Вернувшись в «бентли», я велела Энгусу отвезти меня к доктору Терренсу Лукасу. Выслушав меня, он помедлил и, перед тем как закрыть дверь, предостерег:
— Ева, Гидеон будет страшно рассержен.
Я кивнула, понимая предостережение:
— С этим я разберусь, когда придет время.
Дом, где располагалась частная клиника, выглядел непритязательно, но внутренние помещения были привлекательны и уютны. Комната ожидания была отделана панелями из темного дерева и украшена множеством изображений младенцев и детей. На столах и полках лежали журналы для родителей, а предназначенная для детей игровая зона была чистой и находилась под наблюдением.
Я отметилась в регистратуре и села, но почти сразу же меня вызвали. Медсестра провела меня не в смотровую, а в кабинет доктора Лукаса. При моем появлении он встал и быстро обогнул стол.

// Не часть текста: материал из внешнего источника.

(* Let $n,k_1,k_2$ be nonnegative integers with $k_1+k_2\le n$ and $\ell=n-k_1-k_2$. Let $C$ be a $\mathbb{Z}_4$-code of length $n$ and type $4^{k_1}2^{k_2}$ which is inequivalent to the trivial extension of any $\mathbb{Z}_4$-code of length $n-1$ and type $4^{k_1}2^{k_2}$. Then there is a $\mathbb{Z}_4$-code $C'$ of length $n$ and type $4^{k_1}2^{k_2}$ with $C\cong C'$ having a generator matrix $G(A,B,D)\in\mathcal{V}$ such that the matrix $\begin{pmatrix}B\\2D\end{pmatrix}$ has no zero column.
   Context: $\mathbb{Z}_4=\{0,1,2,3\}$ is the ring of integers modulo $4$; a $\mathbb{Z}_4$-code of length $n$ is a submodule of $\mathbb{Z}_4^n$, and two codes are equivalent ($\cong$) if one is obtained from the other by permuting coordinates and changing the signs of some coordinates. A code has type $4^{k_1}2^{k_2}$ if it is permutation-equivalent to a code with generator matrix $G(A,B,D)=\begin{pmatrix} I_{k_1} & A & B\\ O & 2I_{k_2} & 2D\end{pmatrix}$ with $A$ a $k_1\times k_2$ $(0,1)$-matrix, $D$ a $k_2\times\ell$ $(0,1)$-matrix, $B$ a $k_1\times\ell$ $\mathbb{Z}_4$-matrix. The trivial extension of a code $C_0$ of length $n-1$ is $\{(c,0)\mid c\in C_0\}$. Order $\mathbb{Z}_4$ by $0<1<2<3$ and order vectors lexicographically. Let $M_{m\times n}(R)$ denote the set of $m\times n$ matrices with entries in $R$. For $T\subset M_{m\times n}(\mathbb{Z}_4)$ let $P_{row}(T)$ be the set of matrices in $T$ whose rows $a_1,\dots,a_m$ satisfy $a_i\le a_j$ whenever $i\le j$, and $P_{col}(T)$ the set of matrices in $T$ whose columns $b_1,\dots,b_n$ satisfy $b_i^T\le b_j^T$ whenever $i\le j$. Let $\mathcal{S}=\{G(A,B,D)\mid A\in M_{k_1\times k_2}(\{0,1\}),\ B\in M_{k_1\times\ell}(\mathbb{Z}_4),\ D\in M_{k_2\times\ell}(\{0,1\})\}$, $\mathcal{T}=\{G(A,B,D)\in\mathcal{S}\mid A\in P_{row}(M_{k_1\times k_2}(\{0,1\}))\}$. Let $\mathcal{B}$ be the set consisting of all $k_1\times\ell$ matrices with entries in $\{0,2\}$ together with all $k_1\times\ell$ $\mathbb{Z}_4$-matrices $B$ such that, for the smallest $i$ for which the $i$-th row of $B$ contains an entry not in $\{0,2\}$, the $i$-th row of $B$ has all entries in $\{0,1,2\}$. Let $\mathcal{U}=\{G(A,B,D)\in\mathcal{T}\mid B\in\mathcal{B}\}$ and $\mathcal{V}=\{G(A,B,D)\in\mathcal{U}\mid \begin{pmatrix}B\\2D\end{pmatrix}\in P_{col}(M_{(k_1+k_2)\times\ell}(\mathbb{Z}_4))\}$. *)

From HB Require Import structures.
From mathcomp Require Import all_boot all_order all_fingroup all_algebra.
Set Implicit Arguments. Unset Strict Implicit. Unset Printing Implicit Defensive.
Import GRing.Theory.
Local Open Scope ring_scope.
(* Every equivalence corelation in $\mathbf{MetCH_{sep}}$ is effective.
   Context: A metric on a set $X$ is a map $d\colon X\times X\to[0,\infty]$ with $d(x,x)=0$ and $d(x,z)\le d(x,y)+d(y,z)$ (not necessarily symmetric, $\infty$ allowed); separated means $d(x,y)=0=d(y,x)$ implies $x=y$. A separated metric compact Hausdorff space is a compact Hausdorff space with a separated metric continuous $X\times X\to[0,\infty]$ for the upper topology on $[0,\infty]$ (open sets $]u,\infty]$); $\mathbf{MetCH_{sep}}$ is the category of these with continuous non-expansive maps. $X+X$ denotes the coproduct (disjoint union, coproduct topology, metric equal to $d$ within each copy and $\infty$ between copies). A binary corelation on $X$ is a surjective morphism $\binom{q_0}{q_1}\colon X+X\to S$ (given by $q_0,q_1\colon X\to S$), taken up to isomorphism under $X+X$. It is reflexive if there is a morphism $e\colon S\to X$ with $e\circ q_0=e\circ q_1=1_X$; symmetric if there is $s\colon S\to S$ with $s\circ q_0=q_1$ and $s\circ q_1=q_0$; transitive if, letting $\lambda_0,\lambda_1\colon S\to P$ be the pushout of $q_1$ and $q_0$ (so $\lambda_0\circ q_1=\lambda_1\circ q_0$), there is $t\colon S\to P$ with $t\circ q_0=\lambda_0\circ q_0$ and $t\circ q_1=\lambda_1\circ q_1$. An equivalence corelation is one that is reflexive, symmetric and transitive. It is effective if, with $i\colon A\to X$ the equaliser of $q_0,q_1$ in $\mathbf{MetCH_{sep}}$, the square $q_0\circ i=q_1\circ i$ is a pushout in $\mathbf{MetCH_{sep}}$ (i.e. $(q_0,q_1)$ is the cokernel pair of its equaliser). *)

From HB Require Import structures.
From mathcomp Require Import all_boot all_order all_algebra.
From mathcomp Require Import all_classical all_reals topology.
Set Implicit Arguments. Unset Strict Implicit. Unset Printing Implicit Defensive.
Import Order.TTheory GRing.Theory Num.Theory.

Local Open Scope classical_set_scope.
Local Open Scope ereal_scope.

Section MetCHsep.
Variable R : realType.

(* An object of MetCH_sep: a compact Hausdorff space with a separated
   (possibly asymmetric, possibly infinite) metric d : X x X -> [0,oo]
   which is continuous for the upper topology on [0,oo], i.e. every
   preimage of ]u,oo] is open in X x X (for u = +oo the preimage is empty). *)
Record metCH := MetCH {
  mc_top :> topologicalType;
  mc_d : mc_top -> mc_top -> \bar R;
  mc_d_ge0 : forall x y, 0 <= mc_d x y;
  mc_d_refl : forall x, mc_d x x = 0;
  mc_d_triangle : forall x y z, mc_d x z <= mc_d x y + mc_d y z;
  mc_d_sep : forall x y, mc_d x y = 0 -> mc_d y x = 0 -> x = y;
  mc_d_cont : forall u : R,
      open [set p : mc_top * mc_top | u%:E < mc_d p.1 p.2];
  mc_compact : compact [set: mc_top];
  mc_hausdorff : hausdorff_space mc_top }.

Definition mor (X Y : metCH) (f : X -> Y) : Prop :=
  continuous f /\ forall x y : X, mc_d (f x) (f y) <= mc_d x y.

Definition is_pushout (A B C P : metCH) (f : A -> B) (g : A -> C)
    (p1 : B -> P) (p2 : C -> P) : Prop :=
  [/\ mor p1, mor p2, p1 \o f = p2 \o g &
    forall (Q : metCH) (h1 : B -> Q) (h2 : C -> Q),
      mor h1 -> mor h2 -> h1 \o f = h2 \o g ->
      exists u : P -> Q, [/\ mor u, u \o p1 = h1, u \o p2 = h2 &
        forall v : P -> Q, mor v -> v \o p1 = h1 -> v \o p2 = h2 -> v = u]].

Definition is_equaliser (E X Y : metCH) (f g : X -> Y) (i : E -> X) : Prop :=
  [/\ mor i, f \o i = g \o i &
    forall (Z : metCH) (h : Z -> X), mor h -> f \o h = g \o h ->
      exists u : Z -> E, [/\ mor u, i \o u = h &
        forall v : Z -> E, mor v -> i \o v = h -> v = u]].

(* A binary corelation on X: a surjective morphism (q0 q1) : X + X -> S.
   A map X + X -> S is a morphism iff both components are (coproduct
   topology, metric oo between copies), and it is surjective iff q0, q1
   are jointly surjective. *)
Definition corelation (X S : metCH) (q0 q1 : X -> S) : Prop :=
  [/\ mor q0, mor q1 & forall s : S, exists x : X, q0 x = s \/ q1 x = s].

— Ева, — подал он мне руку. — Вы могли бы и не договариваться о приеме.
Я изобразила улыбку:
— Не знала, как еще до вас добраться.
— Прошу садиться.
Я села, а вот он остался стоять, прислонясь к письменному столу и взявшись обеими руками за его край. Это была оборонительная позиция, и мне оставалось лишь гадать, почему он счел нужным занять ее по отношению ко мне.
— Чем могу быть полезен? — поинтересовался доктор Лукас.
Держался он спокойно, уверенно, на лице широкая, открытая улыбка. Было очевидно, что внешность и манеры врача внушат молодым мамам уверенность в его познаниях и умениях.
— Гидеон Кросс был вашим пациентом, так ведь?
Его лицо мгновенно замкнулось, он выпрямился:
— Я не вправе рассказывать о своих пациентах.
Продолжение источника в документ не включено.